SU1258541A1 - Automatic control system for tensioning a strip - Google Patents

Description

The invention relates to the automation of metallurgical production and can be used to automatically adjust the tension between the cells of a continuous rolling mill strip and a hot rolling mill.

The purpose of the invention is to improve the quality of regulation and reduce the possibility of creating an emergency situation when the strip enters the interspace between gaps. .
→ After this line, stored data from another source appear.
Lemma uniform_on_interval (Q : R -> R -> Prop) lo hi : lo <= hi ->
  (forall k k' y, k <= k' -> Q k y -> Q k' y) ->
  (forall y, lo <= y <= hi ->
     exists k r, 0 < r /\ forall y', Rabs (y' - y) < r -> Q k y') ->
  exists k, forall y, lo <= y <= hi -> Q k y.
Proof.
  intros Hlh Hmono Hloc.
  set (S := fun t => lo <= t <= hi /\ exists k, forall y, lo <= y <= t -> Q k y).
  assert (S0 : S lo).
  { split; [lra|]. destruct (Hloc lo) as [k [r [Hr Hk]]]; [lra|].
    exists k. intros y Hy. apply Hk. replace (y - lo) with 0 by lra. rewrite Rabs_R0; lra. }
  destruct (completeness S) as [s [Hub Hlub]].
  { exists hi. intros t [Ht _]. lra. }
  { exists lo; auto. }
  assert (Hs : lo <= s <= hi) by (split; [apply Hub, S0 | apply Hlub; intros t [Ht _]; lra]).
  destruct (Hloc s Hs) as [ks [r [Hr Hks]]].
  assert (Ht : exists t, S t /\ s - r < t).
  { apply NNPP. intros Hn.
    enough (s <= s - r) by lra.
    apply Hlub. intros t St. apply Rnot_lt_le. intros Hlt. apply Hn. exists t; auto. }
  destruct Ht as [t [[Ht [kt Hkt]] Hst]].
  assert (Hts : t <= s) by (apply Hub; split; [lra | exists kt; auto]).
  set (t' := Rmin (s + r / 2) hi).
  assert (Ht' : t' <= s + r / 2) by apply Rmin_l.
  assert (Hk : forall y, lo <= y <= t' -> Q (Rmax kt ks) y).
  { intros y Hy. destruct (Rle_or_lt y t).
    - apply Hmono with kt; [apply Rmax_l | apply Hkt; lra].
    - apply Hmono with ks; [apply Rmax_r | apply Hks, Rabs_def1; lra]. }
  assert (Hhi : t' <= s).
  { apply Hub. split; [split; [apply Rmin_glb; lra | apply Rmin_r] |].
    exists (Rmax kt ks); exact Hk. }
  exists (Rmax kt ks). intros y Hy. apply Hk.
  unfold t' in *. revert Hhi. unfold Rmin. destruct (Rle_dec (s + r / 2) hi); lra.
Qed.

Lemma interior_loc_max f lo hi t :
  (forall c, lo <= c <= hi -> continuity_pt f c) -> lo <= t <= hi ->
  f lo < f t -> f hi < f t -> exists z, lo < z < hi /\ loc_max f z.
Proof.
  intros Hc Ht H1 H2.
  destruct (continuity_ab_maj f lo hi) as [z [Hz [Hz1 Hz2]]]; [lra | auto |].
  assert (f t <= f z) by (apply Hz; lra).
  assert (Hlz : lo < z) by (destruct Hz1 as [|Heq]; [lra | subst; lra]).
  assert (Hzh : z < hi) by (destruct Hz2 as [|Heq]; [lra | subst; lra]).
  exists z; split; [lra|].
  exists (Rmin (z - lo) (hi - z)); split; [apply Rmin_pos; lra|].
  intros y Hy. apply Hz. apply Rabs_def2 in Hy.
  pose proof (Rmin_l (z - lo) (hi - z)). pose proof (Rmin_r (z - lo) (hi - z)). lra.
Qed.

Lemma interior_loc_min f lo hi t :
  (forall c, lo <= c <= hi -> continuity_pt f c) -> lo <= t <= hi ->
  f t < f lo -> f t < f hi -> exists z, lo < z < hi /\ loc_min f z.
Proof.
  intros Hc Ht H1 H2.
  destruct (interior_loc_max (fun y => - f y) lo hi t) as [z [Hz [r [Hr Hmax]]]]; try lra.
  { intros c Hc'. apply continuity_pt_opp, Hc, Hc'. }
  exists z; split; auto. exists r; split; auto. intros y Hy. specialize (Hmax y Hy). lra.
Qed.
(* Suppose that $2$ is invertible in $T$. Then for every sequence ${\mathbf s}$ in $\widehat{\mathcal S}$, $${\mathcal Y}_T({\mathbf s})=\Big\{(z_\sigma)\in\bigoplus_{\sigma\in I({\mathbf s})}Q_T\ \Big|\ \textstyle\sum_\sigma z_\sigma m_\sigma\in S_T\text{ for all }(m_\sigma)\in{\mathcal X}_T({\mathbf s})\Big\}.$$ Consequently ${\mathcal Y}_T({\mathbf s})$ is identified with the graded dual $\bigoplus_n\operatorname{Hom}_{S_T}({\mathcal X}_T({\mathbf s}),S_T\{n\})$ via the pairing $((x_\sigma),(y_\sigma))\mapsto\sum_\sigma x_\sigma y_\sigma$.
   Context: $R$ irreducible reduced finite root system (positive roots $R^+$, simple roots $\Pi$, highest root $\gamma$); $\widehat X=X\oplus\mathbb Z$, $\delta=(0,-1)$, affine roots $\widehat R=\{\alpha+n\delta\}$. $\widehat{\mathcal W}$ generated by $s_{\alpha,n}(v,m)=(v-(\langle\alpha,v\rangle-mn)\alpha^\vee,m)$, acting contragrediently on $\widehat X$; $\widehat{\mathcal S}=\{s_{\alpha,0}:\alpha\in\Pi\}\cup\{s_{\gamma,1}\}$ with simple affine roots $\alpha$ resp. $-\gamma+\delta$. $T$: commutative unital domain, affine roots nonzero in $\widehat X\otimes T$; $S_T$ symmetric algebra of $\widehat X\otimes T$ graded in even degrees, $M\{n\}_k=M_{n+k}$; $Q_T=S_T[2^{-1}][\alpha^{-1}:\alpha\in\widehat R]$. For ${\mathbf s}=(s_1,\dots,s_l)$: $I({\mathbf s})$ = strictly increasing tuples in $\{1,\dots,l\}$, $\operatorname{ev}(i_1,\dots,i_n)=s_{i_1}\cdots s_{i_n}$; ${\mathbf s}'=(s_1,\dots,s_{l-1})$, $I({\mathbf s})=I({\mathbf s}')\sqcup I({\mathbf s}')s_l$; $\Delta(z)_\gamma=\Delta(z)_{\gamma s_l}=z_\gamma$; $c^\lambda$ multiplies the $\sigma$-component by $\operatorname{ev}(\sigma)(\lambda)\otimes1$; $\alpha_l$ the simple affine root of $s_l$. ${\mathcal X}_T(\emptyset)=S_T$, ${\mathcal X}_T({\mathbf s})=\Delta({\mathcal X}_T({\mathbf s}'))+c^{\alpha_l}\Delta({\mathcal X}_T({\mathbf s}'))\subset\bigoplus_{I({\mathbf s})}S_T$; ${\mathcal Y}_T(\emptyset)=S_T\subset Q_T$, ${\mathcal Y}_T({\mathbf s})=\Delta({\mathcal Y}_T({\mathbf s}'))+(c^{\alpha_l})^{-1}\Delta({\mathcal Y}_T({\mathbf s}'))\subset\bigoplus_{I({\mathbf s})}Q_T$. *)

From HB Require Import structures.
From mathcomp Require Import all_boot all_order all_algebra.
From mathcomp Require Import fraction mpoly.
(* average of gamma over a list (uniform distribution on its elements) *)
Definition avg_gamma (l : list tree) : R :=
  fold_right Rplus 0%R (map (fun t => INR (gamma t)) l) / INR (length l).

Definition log2 (x : R) : R := (ln x / ln 2)%R.

(* Let N_n = |T_n| (the Catalan numbers) and a = floor(log2 n).
   - Upper bound.  Splitting trees at the root turns the total number of
     caterpillar subtrees with k leaves over T_n into a convolution recurrence
     with solution 2^(k-2) m N_m, m = n + 1 - k.  Together with Wallis-type
     estimates on N this bounds the number of trees with gamma >= k by
     2 n N_n / 2^k, and a layer-cake summation gives E_n(gamma) <= a + 4.
   - Lower bound.  The number F_k(n) of trees with gamma < k obeys
     F_n <= sum_i F_i F_(n-i) - [n = k] 2^(k-2); comparing partial generating
     sums with the fixed point of P |-> x + P^2 - 2^(k-2) x^k shows that they
     stay bounded at x = (1 + 2^-(k+1))/4 > 1/4.  Hence F_k(n) is a fraction
     O(1/n^2) of N_n ~ 4^n when k = a - log2 a - 4, and E_n(gamma) >= k - 1.
   Since log2 a = o(a), log2 n / E_n(gamma) tends to 1. *)

From Stdlib Require Import Reals List Lia Lra Psatz Permutation.
Import ListNotations.
Open Scope bool_scope.
Open Scope nat_scope.

Lemma leaves_pos t : 1 <= leaves t.
Proof. induction t; simpl; lia. Qed.

Lemma leaves_one t : leaves t = 1 -> t = Leaf.
Proof.
  destruct t as [|l r]; simpl; auto.
  pose proof (leaves_pos l); pose proof (leaves_pos r); lia.
Qed.

Lemma fold_max_ub l x : In x l -> x <= fold_right Nat.max 0 l.
Proof.
  induction l as [|y l IH]; simpl; [easy|].
  intros [<-|H]; [lia|]. specialize (IH H); lia.
Qed.

Lemma fold_max_lub l B : (forall x, In x l -> x <= B) -> fold_right Nat.max 0 l <= B.
Proof.
  induction l as [|y l IH]; simpl; intros H; [lia|].
  assert (y <= B) by auto. assert (fold_right Nat.max 0 l <= B) by auto. lia.
Qed.

Lemma fold_max_in l : fold_right Nat.max 0 l = 0 \/ In (fold_right Nat.max 0 l) l.
Proof.
  induction l as [|y l [H|H]]; simpl; auto.
  - rewrite H. destruct (Nat.eq_dec y 0); [left | right; left]; lia.
  - destruct (Nat.max_spec y (fold_right Nat.max 0 l)) as [[_ ->]|[_ ->]]; auto.
Qed.

Lemma subtrees_self t : In t (subtrees t).
Proof. destruct t; simpl; auto. Qed.

Lemma subtrees_trans t s u : In s (subtrees t) -> In u (subtrees s) -> In u (subtrees t).
Proof.
  induction t as [|l IHl r IHr]; simpl; intros Hs Hu.
  - destruct Hs as [<-|[]]; exact Hu.
  - destruct Hs as [<-|Hs]; [exact Hu|]. right.
    apply in_app_or in Hs as [Hs|Hs]; apply in_or_app; auto.
Qed.
(* For every integer $d\ge 0$, $$\frac14\sum_{\ell=0}^{\lfloor d/3\rfloor}\;\sum_{m=0}^{\lfloor (d-3\ell)/2\rfloor}(d-3\ell-2m+1)^2(m+1)^2(d-3\ell-m+2)^2=\binom{d+8}{d}.$$ *)

From mathcomp Require Import all_boot all_order all_algebra.

From mathcomp Require Import all_boot all_order all_algebra.
From mathcomp Require Import ring zify.
Import GRing.Theory Num.Theory.
Local Open Scope ring_scope.

(* Write r(x) = (x+1)(x+2)...(x+8), so that r(n) = 8! C(n+8, n).  Summing the
   inner sum over m in closed form (Faulhaber), separately for n even and odd,
   gives 10080 * (inner sum at n) = r(n) - r(n-3).  The outer sum over l then
   telescopes to r(d) - r(d - 3 (d/3 + 1)), and the last term vanishes because
   d - 3 (d/3 + 1) lies in {-3, -2, -1}.  Finally 8! = 4 * 10080. *)

Section InnerSum.

Variable R : comPzRingType.

Definition inner_term (n m : R) : R :=
  (n - 2 * m + 1) ^+ 2 * (m + 1) ^+ 2 * (n - m + 2) ^+ 2.

(* [210 * \sum_(0 <= m < K) inner_term n m], as a polynomial in [n] and [K]. *)
Definition inner_partial_sum (n K : R) : R :=
  K * (35 * n ^+ 4 + 420 * n ^+ 3 + 1799 * n ^+ 2 + 3234 * n + 2036
   + K * (105 * n ^+ 4 + 945 * n ^+ 3 + 2835 * n ^+ 2 + 3045 * n + 630)
   + K ^+ 2 * (70 * n ^+ 4 + 210 * n ^+ 3 - 980 * n ^+ 2 - 3990 * n - 3290)
   + K ^+ 3 * (- 315 * n ^+ 3 - 1470 * n ^+ 2 - 1365 * n + 630)
   + K ^+ 4 * (546 * n ^+ 2 + 2016 * n + 1554)
   + K ^+ 5 * (- 420 * n - 840)
   + K ^+ 6 * 120).

Lemma sum_inner_term (n : R) (K : nat) :
  210 * \sum_(0 <= m < K) inner_term n m%:R = inner_partial_sum n K%:R.
Proof.
rewrite mulr_sumr (telescope_sumr_eq (inner_partial_sum n \o GRing.natmul 1)) //.
  by rewrite /= /inner_partial_sum !mul0r subr0.
by move=> m _; rewrite /= -natr1 /inner_partial_sum /inner_term; ring.
Qed.

Definition rising8 (x : R) : R :=
  (x + 1) * (x + 2) * (x + 3) * (x + 4) * (x + 5) * (x + 6) * (x + 7) * (x + 8).

Lemma rising8_neg_nat (j : nat) : (0 < j <= 8)%N -> rising8 (- j%:R) = 0.
Proof.
by case: j => [|[|[|[|[|[|[|[|[|j]]]]]]]]] //= _; rewrite /rising8; ring.
Qed.

Lemma rising8_nat (n : nat) : rising8 n%:R = 'C(n + 8, n)%:R * (8`!)%:R.
Proof.
have := bin_sub (leq_addl n 8); rewrite addnK => ->; rewrite -natrM bin_ffact.
have -> : (n + 8 = n.+4.+4)%N by rewrite addnC.
by rewrite !ffactnS ffactn0 /rising8 !natrM -!natr1; ring.
Qed.

Definition inner_sum (n : nat) : R :=
  \sum_(0 <= m < (n %/ 2).+1)
    (((n - 2 * m + 1) ^ 2 * (m + 1) ^ 2 * (n - m + 2) ^ 2)%N)%:R.

Lemma natr_inner_term (n m : nat) : (2 * m <= n)%N ->
  (((n - 2 * m + 1) ^ 2 * (m + 1) ^ 2 * (n - m + 2) ^ 2)%N)%:R
  = inner_term n%:R m%:R.
Proof.
move=> le2mn; rewrite /inner_term !(natrM, natrX, natrD) !natrB ?natrM //; lia.
Qed.

Lemma inner_sumE (n : nat) :
  210 * inner_sum n = inner_partial_sum n%:R (n %/ 2).+1%:R.
Proof.
rewrite -sum_inner_term; congr (_ * _); apply: eq_big_nat => m /andP[_ ltm].
by rewrite natr_inner_term //; lia.
Qed.

Lemma inner_sum_rising8 (n : nat) :
  10080 * inner_sum n = rising8 n%:R - rising8 (n%:R - 3).
Proof.
have -> : 10080 * inner_sum n = 48 * (210 * inner_sum n) by ring.
rewrite inner_sumE divn2 -natr1.
move: (odd_double_half n); move: (odd n) n./2 => b k <-.
rewrite -muln2 natrD natrM.
by case: b => /=; rewrite /inner_partial_sum /rising8; ring.
Qed.

Lemma sum_inner_sum (d : nat) :
  10080 * \sum_(0 <= l < (d %/ 3).+1) inner_sum (d - 3 * l) = rising8 d%:R.
Proof.
pose f l := - rising8 (d%:R - 3 * l%:R).
rewrite mulr_sumr (telescope_sumr_eq f) //; last first.
  move=> l /andP[_ ltl]; rewrite inner_sum_rising8 natrB ?natrM -?natr1; last lia.
  by rewrite /f /rising8; ring.
rewrite /f mulr0n mulr0 subr0 opprK.
have -> : d%:R - 3 * (d %/ 3).+1%:R = - (3 - d %% 3)%:R :> R.
  have le_r3 : (d %% 3 <= 3)%N by rewrite ltnW // ltn_pmod.
  by rewrite (natrB _ le_r3) {1}(divn_eq d 3) natrD natrM -natr1; ring.
by rewrite rising8_neg_nat ?oppr0 ?add0r //; lia.
Qed.

End InnerSum.

Theorem lemma5p7 (d : nat) :
  (1 / 4 : rat) *
    \sum_(0 <= l < (d %/ 3).+1)
      \sum_(0 <= m < ((d - 3 * l) %/ 2).+1)
        (((d - 3 * l - 2 * m + 1) ^ 2 * (m + 1) ^ 2 * (d - 3 * l - m + 2) ^ 2)%N)%:R
  = ('C(d + 8, d))%:R.
Proof.
have := sum_inner_sum rat d; rewrite rising8_nat => sum_eq.
apply: (mulIf (_ : (8`!)%:R != 0 :> rat)); first by rewrite pnatr_eq0 -lt0n fact_gt0.
rewrite -sum_eq -[\sum_(_ <= _ < _) _]/(\sum_(0 <= l < (d %/ 3).+1) inner_sum rat (d - 3 * l)).
by rewrite !factS fact0; field.
Qed.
Fig. 1 shows a block diagram of an automatic tension control system 5 in Fig. 2, a block diagram of a moment calculation unit; FIG. 3 is a block diagram of the control unit.

The system for automatically adjusting the tension of the strip 1 (Fig. 1) in the interspace between the i- and the cage and the (1 + 1) -th cage, contains a loop holder 2 driven by a DC motor 3, a current sensor A, a moment regulator 5 , the controller 6 of the end positions, the unit 7 for the calculation of the moment, the inputs of which are connected to control devices (not shown) of width 6; thicknesses of the band and specific tension 6 loop 8 regulator, speed regulator 9, lift-up angle sensor 10, control unit 11, the inputs of which are connected to the outputs of the rolled stock sensors in (/ -1) -th i and (1 +1) -th cells (not shown), double integration unit 12, the information input of which is connected to the current sensor 4, and the control input - with the control unit 11, limitation unit 13, comparator 14, the first input of which is connected to the output of the block 12 double integration, the second through the restriction node 13 with the sensor 10 for the angle of lifting the loop rod ate, and the output is connected to the control unit 11, the output of the angle-raising sensor 10 of the looping holder / is connected to the corresponding inputs of the loopback regulator 8, the limitation unit 13, the final position controller 6 and the torque calculation unit 7, the other inputs of which are connected to the corresponding outputs of the block 11 management

The moment calculation unit (Fig. 2) contains three multipliers 15-17, an adder 18, two adjusters 19 and 20, and a switch 21. At the output 15 of the multiplier, a signal is generated that is proportional to the cross section and the weight of the strip between

S

0

five

0

five

0

five

0

five

the cell gap, the multiplier 16 calculates a given tension in the band, and the multiplier 17 forms a linearized indifferent characteristic. The knob 19 enters the value of the unbalanced moment of the looper. In adder 18, the three components are summed up, which determine the required torque on the engine of the loop holder, namely the moment from the weight of the strip in the gap, the unbalanced moment of the loop holder and the component going directly to the creation of tension. The sum of these components determines the moment of the looper motor.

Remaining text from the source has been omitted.